Boots
Créateurs : Andy Parker et Norman Lear
Genre : Comédie, Drame
Acteurs et actrices : Miles Heizer, Liam Oh, Vera Farmiga
Nationalité : USA
Date de sortie : 9 octobre 2025
Et si on mélangeait Full Metal Jacket, Koh-Lanta et Orange Is the New Black ? C’est le sentiment que laisse Boots, une série sur l’appartenance et les masculinités au sein de l’armée Etats-Unienne en 1990. Ni pamphlet antimilitariste ni manifeste queer assumé, la série tente une subversion timide.

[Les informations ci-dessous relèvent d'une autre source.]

Lemma rank_spec p :
  (forall q, R q p -> lt (rank q) (rank p)) /\
  (forall w, lt w (rank p) -> exists q, R q p /\ rank q = w).
Proof.
  induction p as [p IH] using (well_founded_ind (wo_wf _ woR)).
  pose (Img w := exists q, R q p /\ rank q = w).
  assert (Img_down : forall w v, lt w v -> Img v -> Img w).
  { intros w v Hwv [q [Hq <-]]. destruct (proj2 (IH q Hq) w Hwv) as [q' [Hq' <-]].
    exists q'; split; [exact (wo_trans _ woR _ _ _ Hq' Hq) | reflexivity]. }
  assert (above_Img : forall w, ~ Img w -> forall q, R q p -> lt (rank q) w).
  { intros w Nw q Hq. destruct (wo_total _ wo (rank q) w) as [H|[H|H]]; auto; exfalso; apply Nw.
    - exists q; auto.
    - eapply Img_down; [exact H | exists q; auto]. }
  assert (Img_proper : exists w, ~ Img w).
  { apply NNPP; intro N. apply (small_segments p).
    assert (Hsurj : forall w, exists q : {q | R q p}, rank (proj1_sig q) = w).
    { intro w. apply NNPP; intro N'. apply N. exists w. intros [q [Hq E]].
      apply N'. exists (exist _ q Hq); exact E. }
    destruct (choice _ Hsurj) as [sec Hsec].
    exists sec. intros w w' E. rewrite <- (Hsec w), <- (Hsec w'), E. reflexivity. }
  assert (Hspec : (forall q, R q p -> lt (rank q) (rank p)) /\
                  (forall w, (forall q, R q p -> lt (rank q) w) -> ~ lt w (rank p))).
  { rewrite rank_eq. unfold rank_step. apply epsilon_spec.
    apply (exists_least lt wo). destruct Img_proper as [w0 Hw0].
    exists w0. exact (above_Img w0 Hw0). }
  split; [exact (proj1 Hspec)|].
  intros w Hw. apply NNPP; intro N. exact (proj2 Hspec w (above_Img w N) Hw).
Qed.

Lemma card_le_of_small_segments : card_le X T.
Proof.
  exists rank. intros p q E. destruct (wo_total _ woR p q) as [H|[H|H]]; auto; exfalso.
  - apply (proj1 (rank_spec q)) in H. rewrite E in H. exact (wo_irrefl _ wo _ H).
  - apply (proj1 (rank_spec p)) in H. rewrite E in H. exact (wo_irrefl _ wo _ H).
Qed.

End Rank.

Section PairOrder.

Context {T : Type} (lt : T -> T -> Prop) (wo : well_order lt).

Definition max_of (a b : T) : T := if excluded_middle_informative (lt a b) then b else a.

Lemma le_max_of_l a b : le_of lt a (max_of a b).
Proof. unfold max_of, le_of. destruct excluded_middle_informative; auto. Qed.

Lemma le_max_of_r a b : le_of lt b (max_of a b).
Proof.
  unfold max_of, le_of. destruct excluded_middle_informative; auto.
  destruct (wo_total _ wo a b) as [H|[H|H]]; auto; contradiction.
Qed.

(* Goedel's well-order of [T * T]: first by the larger coordinate, then lexicographically.
   Its initial segments lie in squares of initial segments of [T]. *)
Definition pair_order (p q : T * T) : Prop :=
  lex_order lt (lex_order lt lt) (max_of (fst p) (snd p), p) (max_of (fst q) (snd q), q).

Lemma well_order_pair_order : well_order pair_order.
Proof.
  apply (well_order_inverse_image _ (fun p => (max_of (fst p) (snd p), p))).
  - intros p q E. injection E; auto.
  - apply well_order_lex; [|apply well_order_lex]; exact wo.
Qed.

Lemma pair_order_bound q p : pair_order q p ->
  le_of lt (fst q) (max_of (fst p) (snd p)) /\ le_of lt (snd q) (max_of (fst p) (snd p)).
Proof.
  intros Hqp. assert (Hmax : le_of lt (max_of (fst q) (snd q)) (max_of (fst p) (snd p))).
  { destruct Hqp as [H|[H _]]; [left | right]; exact H. }
  split; (eapply le_of_trans; [exact wo| |exact Hmax]); [apply le_max_of_l | apply le_max_of_r].
Qed.

End PairOrder.

Section Hessenberg.

Context {T : Type} (lt : T -> T -> Prop) (wo : well_order lt).
Hypothesis T_infinite : card_le nat T.
Hypothesis small_segments : forall x, ~ card_le T {y | lt y x}.

Lemma exists_gt m : exists t, lt m t.
Proof.
  apply NNPP; intro N. apply (small_segments m).
  eapply card_le_trans; [exact (card_le_remove_point m T_infinite)|]. apply card_le_subset.
  intros t Ht.
  destruct (wo_total _ wo t m) as [H|[H|H]]; [exact H | contradiction | exfalso; eauto].
Qed.

Lemma card_le_square_of_segments :
  (forall t, card_le nat {y | lt y t} -> card_le ({y | lt y t} * {y | lt y t}) {y | lt y t}) ->
  card_le (T * T) T.
Proof.
  intros IH. pose proof T_infinite as [j _].
  apply (card_le_of_small_segments (pair_order lt) lt (well_order_pair_order lt wo) wo (j 0)).
  intros p Hp. destruct (exists_gt (max_of lt (fst p) (snd p))) as [t Ht].
  assert (Hbelow : forall q, pair_order lt q p -> lt (fst q) t /\ lt (snd q) t).
  { intros q Hq. destruct (pair_order_bound lt wo q p Hq) as [H1 H2].
    split; eapply le_of_lt_trans; eauto. }
  assert (Hsquare : card_le {q | pair_order lt q p} ({y | lt y t} * {y | lt y t})).
  { exists (fun q => (exist _ (fst (proj1_sig q)) (proj1 (Hbelow _ (proj2_sig q))),
                     exist _ (snd (proj1_sig q)) (proj2 (Hbelow _ (proj2_sig q))))).
    intros [[a b] Hab] [[c d] Hcd] E. injection E as -> ->. apply proj1_sig_inj; reflexivity. }
  destruct (classic (card_le nat {y | lt y t})) as [Hinf|Hfin].
  - apply (small_segments t).
    eapply card_le_trans; [exact Hp|]. eapply card_le_trans; [exact Hsquare | exact (IH t Hinf)].
  - apply (finite_prod _ (well_order_sig lt _ wo) Hfin).
    eapply card_le_trans; [exact T_infinite|]. eapply card_le_trans; [exact Hp | exact Hsquare].
Qed.

End Hessenberg.

Lemma card_le_nested_segment {T} (lt : T -> T -> Prop) x (s : {y | lt y x}) :
  card_le {w : {y | lt y x} | lt (proj1_sig w) (proj1_sig s)} {y | lt y (proj1_sig s)}.
Proof.
  exists (fun w => exist (fun y => lt y (proj1_sig s)) (proj1_sig (proj1_sig w)) (proj2_sig w)).
  intros a b E. apply proj1_sig_inj, proj1_sig_inj. exact (f_equal (@proj1_sig _ _) E).
Qed.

Adaptée des mémoires The Pink Marine de Greg Cope White — scénariste également sur la série —, Boots s’ouvre sur une scène de harcèlement malheureusement trop familière pour les personnes queer. Cameron « Cam » Cope est un jeune homme gay de 18 ans dans un lycée perdu d’une petite ville puritaine, entouré de harceleurs, d’une mère démissionnaire et de son meilleur ami hétéro, Ray. Cam veut que sa vie change. Il ne veut plus être une victime. Quand Ray lui propose de devenir Marine et de suivre l’entraînement intensif de treize semaines censé faire de lui un homme, un vrai, Cam hésite à peine. Mais en 1990, il est illégal d’être homosexuel au sein de l’armée Etats-Unienne.

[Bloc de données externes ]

(* Let $(b,c)$ be a connected canonically compactifiable weighted graph over $X$ and fix $o\in X$. Then $$\widetilde D_o=\{u\in\widetilde D:\ \hat u|_{\partial X}=0\}.$$
   Context: Let $X$ be a countably infinite set. A weighted graph $(b,c)$ over $X$ consists of a symmetric $b:X\times X\to[0,\infty)$ with $b(x,x)=0$ and $\sum_{y}b(x,y)<\infty$ for all $x$, and $c:X\to[0,\infty)$; connected means any two distinct vertices are joined by a finite path of pairwise distinct vertices with consecutive ones satisfying $b>0$. Let $\widetilde Q(f)=\frac12\sum_{x,y}b(x,y)|f(x)-f(y)|^2+\sum_x c(x)|f(x)|^2$, $\widetilde D=\{f:X\to\mathbb C:\widetilde Q(f)<\infty\}$, and for fixed $o\in X$, $\|f\|_o=(\widetilde Q(f)+|f(o)|^2)^{1/2}$ on $\widetilde D$. Let $C_c(X)$ be the finitely supported functions and $\widetilde D_o$ the closure of $C_c(X)$ in $\widetilde D$ with respect to $\|\cdot\|_o$. The graph is canonically compactifiable if $\widetilde D\subseteq\ell^\infty(X)$. In that case let $\mathcal A$ be the sup-norm closure of $\widetilde D$ in $\ell^\infty(X)$, $\mathcal A^+$ the smallest $C^*$-subalgebra of $\ell^\infty(X)$ containing $\mathcal A$ and $1$, $K$ the set of characters (nonzero multiplicative linear functionals) of $\mathcal A^+$ with the weak-$*$ topology (a compact Hausdorff space), and for $g\in\mathcal A^+$ let $\hat g:K\to\mathbb C$, $\hat g(\gamma)=\gamma(g)$. The map $x\mapsto\delta_x$, $\delta_x(f)=f(x)$, embeds $X$ into $K$; identifying $X$ with its image, set $\partial X=K\setminus X$. *)

From Stdlib Require Import Reals List ClassicalEpsilon.
Open Scope R_scope.
Set Implicit Arguments.

Definition Cplx := (R * R)%type.
Definition C0 : Cplx := (0, 0).
Definition C1 : Cplx := (1, 0).
Definition Cadd (z w : Cplx) : Cplx := (fst z + fst w, snd z + snd w).
Definition Copp (z : Cplx) : Cplx := (- fst z, - snd z).
Definition Csub (z w : Cplx) : Cplx := Cadd z (Copp w).
Definition Cmul (z w : Cplx) : Cplx :=
  (fst z * fst w - snd z * snd w, fst z * snd w + snd z * fst w).
Definition Cconj (z : Cplx) : Cplx := (fst z, - snd z).
Definition Cnorm2 (z : Cplx) : R := fst z * fst z + snd z * snd z.
Definition Cabs (z : Cplx) : R := sqrt (Cnorm2 z).

Fixpoint fsum {T : Type} (F : T -> R) (l : list T) : R :=
  match l with nil => 0 | x :: l' => F x + fsum F l' end.

Definition psums {T : Type} (F : T -> R) : R -> Prop :=
  fun r => exists l : list T, NoDup l /\ r = fsum F l.

Lemma psums_nonempty {T : Type} (F : T -> R) : exists r, psums F r.
Proof. exists 0. exists nil. split; [constructor | reflexivity]. Qed.

(* a nonnegative family has finite sum iff its finite partial sums are bounded *)
Definition summable {T : Type} (F : T -> R) : Prop := bound (psums F).

(* the sum (supremum of finite partial sums); junk value 0 if not summable *)
Definition tsum {T : Type} (F : T -> R) : R :=
  match excluded_middle_informative (bound (psums F)) with
  | left H => proj1_sig (completeness (psums F) H (psums_nonempty F))
  | right _ => 0
  end.

Definition countably_infinite (X : Type) : Prop :=
  exists e : nat -> X, (forall n m, e n = e m -> n = m) /\ (forall x, exists n, e n = x).

Definition weighted_graph {X : Type} (b : X -> X -> R) (c : X -> R) : Prop :=
  (forall x y, 0 <= b x y) /\ (forall x y, b x y = b y x) /\ (forall x, b x x = 0) /\
  (forall x, summable (b x)) /\ (forall x, 0 <= c x).

Fixpoint chain {X : Type} (b : X -> X -> R) (x : X) (l : list X) (y : X) : Prop :=
  match l with
  | nil => 0 < b x y
  | z :: l' => 0 < b x z /\ chain b z l' y
  end.

Definition connected {X : Type} (b : X -> X -> R) : Prop :=
  forall x y : X, x <> y ->
    exists l : list X, NoDup (x :: l ++ y :: nil) /\ chain b x l y.

Definition edge_term {X : Type} (b : X -> X -> R) (f : X -> Cplx) (p : X * X) : R :=
  b (fst p) (snd p) * Cnorm2 (Csub (f (fst p)) (f (snd p))).
Definition kill_term {X : Type} (c : X -> R) (f : X -> Cplx) (x : X) : R :=
  c x * Cnorm2 (f x).

(* Q~(f) (meaningful when f is in D~) *)
Definition Qt {X : Type} (b : X -> X -> R) (c : X -> R) (f : X -> Cplx) : R :=
  / 2 * tsum (edge_term b f) + tsum (kill_term c f).

(* D~ = { f : Q~(f) < infinity } *)
Definition Dt {X : Type} (b : X -> X -> R) (c : X -> R) (f : X -> Cplx) : Prop :=
  summable (edge_term b f) /\ summable (kill_term c f).

Definition normo {X : Type} (b : X -> X -> R) (c : X -> R) (o : X) (f : X -> Cplx) : R :=
  sqrt (Qt b c f + Cnorm2 (f o)).

Definition fsub {X : Type} (f g : X -> Cplx) : X -> Cplx := fun x => Csub (f x) (g x).

Definition finitely_supported {X : Type} (f : X -> Cplx) : Prop :=
  exists l : list X, forall x, ~ In x l -> f x = C0.

(* D~_o = closure of C_c(X) in D~ w.r.t. ||.||_o *)
Definition Dto {X : Type} (b : X -> X -> R) (c : X -> R) (o : X) (u : X -> Cplx) : Prop :=
  Dt b c u /\
  forall eps, 0 < eps ->
    exists phi, finitely_supported phi /\ normo b c o (fsub u phi) < eps.

Definition bounded {X : Type} (f : X -> Cplx) : Prop :=
  exists M, forall x, Cabs (f x) <= M.

Definition canonically_compactifiable {X : Type} (b : X -> X -> R) (c : X -> R) : Prop :=
  forall f, Dt b c f -> bounded f.

Definition sup_closure {X : Type} (S : (X -> Cplx) -> Prop) (g : X -> Cplx) : Prop :=
  bounded g /\
  forall eps, 0 < eps -> exists f, S f /\ forall x, Cabs (Csub (g x) (f x)) < eps.

(* A = sup-norm closure of D~ in l^infty *)
Definition Aalg {X : Type} (b : X -> X -> R) (c : X -> R) : (X -> Cplx) -> Prop :=
  sup_closure (Dt b c).

Definition cstar_subalgebra {X : Type} (S : (X -> Cplx) -> Prop) : Prop :=
  (forall f, S f -> bounded f) /\
  S (fun _ => C0) /\
  (forall f g, S f -> S g -> S (fun x => Cadd (f x) (g x))) /\
  (forall (a : Cplx) f, S f -> S (fun x => Cmul a (f x))) /\
  (forall f g, S f -> S g -> S (fun x => Cmul (f x) (g x))) /\
  (forall f, S f -> S (fun x => Cconj (f x))) /\
  (forall g, sup_closure S g -> S g).

(* A^+ = smallest Cplx*-subalgebra of l^infty containing A and 1 *)
Definition Aplus {X : Type} (b : X -> X -> R) (c : X -> R) (g : X -> Cplx) : Prop :=
  forall S : (X -> Cplx) -> Prop,
    cstar_subalgebra S -> (forall f, Aalg b c f -> S f) -> S (fun _ => C1) -> S g.

Definition is_character {X : Type} (S : (X -> Cplx) -> Prop) (gam : (X -> Cplx) -> Cplx) : Prop :=
  (forall f g, S f -> S g -> gam (fun x => Cadd (f x) (g x)) = Cadd (gam f) (gam g)) /\
  (forall (a : Cplx) f, S f -> gam (fun x => Cmul a (f x)) = Cmul a (gam f)) /\
  (forall f g, S f -> S g -> gam (fun x => Cmul (f x) (g x)) = Cmul (gam f) (gam g)) /\
  (exists f, S f /\ gam f <> C0).

Definition delta {X : Type} (x : X) : (X -> Cplx) -> Cplx := fun f => f x.

Definition same_on {X : Type} (S : (X -> Cplx) -> Prop) (g1 g2 : (X -> Cplx) -> Cplx) : Prop :=
  forall f, S f -> g1 f = g2 f.

(* gam is in the boundary dX = K \ X *)
Definition in_boundary {X : Type} (b : X -> X -> R) (c : X -> R) (gam : (X -> Cplx) -> Cplx) : Prop :=
  is_character (Aplus b c) gam /\ forall x : X, ~ same_on (Aplus b c) gam (delta x).

Definition hat {X : Type} (u : X -> Cplx) (gam : (X -> Cplx) -> Cplx) : Cplx := gam u.

(* The proof factors through the space c_0(X) of functions vanishing at
   infinity (|u| <= e outside a finite set, for every e > 0):

   (I)  D~_o = D~ ∩ c_0.  Canonical compactifiability makes the inclusion
        D~ -> l^oo bounded for ||.||_o (a series of normalized bumps would
        otherwise produce an unbounded function of finite energy), so limits of
        finitely supported functions vanish at infinity.  Conversely, clamping
        u at height e costs little energy, and u minus its clamp is finitely
        supported when u is in c_0.
   (II) For u in A^+, u is in c_0 iff every boundary character kills u.
        Characters are contractive for the sup norm (Neumann series) and
        boundary characters kill the indicators 1_x, hence all of c_0 ∩ A^+.
        Conversely, if |u(x_n)| > e along an injective sequence, an ultralimit
        along a free ultrafilter on nat is a boundary character with
        gamma(u) <> 0. *)
From Stdlib Require Import Reals List Lra Lia Psatz ClassicalEpsilon Classical FunctionalExtensionality.
From mathcomp Require ssreflect ssrbool ssrnat classical_sets filter.
Set Bullet Behavior "Strict Subproofs".
Open Scope R_scope.

(** * Complex numbers *)

Lemma Cnorm2_nonneg z : 0 <= Cnorm2 z.
Proof. unfold Cnorm2; nra. Qed.

Lemma Cabs_nonneg z : 0 <= Cabs z.
Proof. apply sqrt_pos. Qed.

Lemma Cabs_sq z : Cabs z * Cabs z = Cnorm2 z.
Proof. apply sqrt_sqrt, Cnorm2_nonneg. Qed.

Lemma sq_le_le a b : 0 <= b -> a * a <= b * b -> a <= b.
Proof. intros; nra. Qed.

Lemma Cabs_le z B : 0 <= B -> Cnorm2 z <= B * B -> Cabs z <= B.
Proof. intros HB H. apply sq_le_le; auto. rewrite Cabs_sq; auto. Qed.

Lemma Cnorm2_mul z w : Cnorm2 (Cmul z w) = Cnorm2 z * Cnorm2 w.
Proof. destruct z, w; unfold Cnorm2, Cmul; simpl; ring. Qed.

Lemma Cabs_mul z w : Cabs (Cmul z w) = Cabs z * Cabs w.
Proof. unfold Cabs. rewrite Cnorm2_mul. apply sqrt_mult; apply Cnorm2_nonneg. Qed.

Lemma Cdot_le z w : fst z * fst w + snd z * snd w <= Cabs z * Cabs w.
Proof.
  apply sq_le_le. pose proof (Cabs_nonneg z); pose proof (Cabs_nonneg w); nra.
  replace (Cabs z * Cabs w * (Cabs z * Cabs w)) with ((Cabs z * Cabs z) * (Cabs w * Cabs w)) by ring.
  rewrite !Cabs_sq. destruct z as [a b], w as [c d]; unfold Cnorm2; simpl.
  pose proof (Rle_0_sqr (a*d - b*c)). unfold Rsqr in *. nra.
Qed.

Lemma Cabs_add z w : Cabs (Cadd z w) <= Cabs z + Cabs w.
Proof.
  apply Cabs_le. pose proof (Cabs_nonneg z); pose proof (Cabs_nonneg w); lra.
  pose proof (Cdot_le z w). pose proof (Cabs_sq z). pose proof (Cabs_sq w).
  destruct z, w; unfold Cnorm2, Cadd in *; simpl in *. nra.
Qed.

Lemma Cabs_C0 : Cabs C0 = 0.
Proof. unfold Cabs, Cnorm2, C0; simpl. replace (0*0+0*0) with 0 by ring. apply sqrt_0. Qed.

Lemma Cabs_C1 : Cabs C1 = 1.
Proof. unfold Cabs, Cnorm2, C1; simpl. replace (1*1+0*0) with 1 by ring. apply sqrt_1. Qed.

Lemma Cabs_conj z : Cabs (Cconj z) = Cabs z.
Proof. unfold Cabs, Cnorm2, Cconj; simpl. f_equal. ring. Qed.

Lemma Cabs_rev_tri z w : Cabs z - Cabs w <= Cabs (Csub z w).
Proof.
  assert (E : z = Cadd (Csub z w) w) by (destruct z, w; unfold Cadd, Csub, Copp; simpl; f_equal; ring).
  pose proof (Cabs_add (Csub z w) w) as H. rewrite <- E in H. lra.
Qed.

Lemma sq_abs_le a b : Rabs a <= Rabs b -> a * a <= b * b.
Proof.
  intros H. pose proof (Rabs_pos a).
  assert (a * a = Rabs a * Rabs a) by (rewrite <- Rabs_mult; symmetry; apply Rabs_right; nra).
  assert (b * b = Rabs b * Rabs b) by (rewrite <- Rabs_mult; symmetry; apply Rabs_right; nra).
  nra.
Qed.

Lemma fst_le_Cabs z : Rabs (fst z) <= Cabs z.
Proof.
  apply sq_le_le. apply Cabs_nonneg. rewrite Cabs_sq. destruct z; unfold Cnorm2; simpl.
  rewrite <- Rabs_mult. rewrite Rabs_right by nra. nra.
Qed.

Lemma snd_le_Cabs z : Rabs (snd z) <= Cabs z.
Proof.
  apply sq_le_le. apply Cabs_nonneg. rewrite Cabs_sq. destruct z; unfold Cnorm2; simpl.
  rewrite <- Rabs_mult. rewrite Rabs_right by nra. nra.
Qed.

Lemma Cabs_le_sum z : Cabs z <= Rabs (fst z) + Rabs (snd z).
Proof.
  apply Cabs_le. pose proof (Rabs_pos (fst z)); pose proof (Rabs_pos (snd z)); lra.
  destruct z as [a b]; unfold Cnorm2; simpl.
  pose proof (Rabs_pos a); pose proof (Rabs_pos b).
  pose proof (sq_abs_le a (Rabs a) ltac:(rewrite Rabs_Rabsolu; lra)).
  pose proof (sq_abs_le b (Rabs b) ltac:(rewrite Rabs_Rabsolu; lra)).
  nra.
Qed.

Lemma Cnorm2_sub_le z w : Cnorm2 (Csub z w) <= 2 * Cnorm2 z + 2 * Cnorm2 w.
Proof. destruct z as [a b], w as [c d]; unfold Cnorm2, Csub, Cadd, Copp; simpl.
  pose proof (Rle_0_sqr (a+c)); pose proof (Rle_0_sqr (b+d)); unfold Rsqr in *; nra. Qed.

Lemma Cnorm2_add_le z w : Cnorm2 (Cadd z w) <= 2 * Cnorm2 z + 2 * Cnorm2 w.
Proof. destruct z as [a b], w as [c d]; unfold Cnorm2, Cadd; simpl.
  pose proof (Rle_0_sqr (a-c)); pose proof (Rle_0_sqr (b-d)); unfold Rsqr in *; nra. Qed.

Lemma Cnorm2_re a : Cnorm2 (a, 0) = a * a.
Proof. unfold Cnorm2; simpl; ring. Qed.

Lemma Cabs_re a : Cabs (a, 0) = Rabs a.
Proof. unfold Cabs. rewrite Cnorm2_re. apply sqrt_Rsqr_abs. Qed.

Bien que Full Metal Jacket soit cité dès le premier épisode, Boots est loin d’être un pamphlet antimilitariste frontal. Le sujet s’y prête pourtant, mais la série ne saisit jamais pleinement l’occasion d’être incisive ou provocatrice. Même lorsqu’elle se veut tragique elle expédie un peu vite la gravité au profit d’une quête de guérison. Quelques symboles tentent de baliser les traumatismes, mais ils sont souvent réduits à de simples outils narratifs (comme le sempiternel trope du bourreau dont le trauma justifie les actes). Au vu des jolis plans dans les nombreuses scènes de douche, on aurait aimé un regard queer plus affirmé, plus insolent, pour contrebalancer l’horreur des discriminations subies par les personnages — et par Greg Cope White lui-même.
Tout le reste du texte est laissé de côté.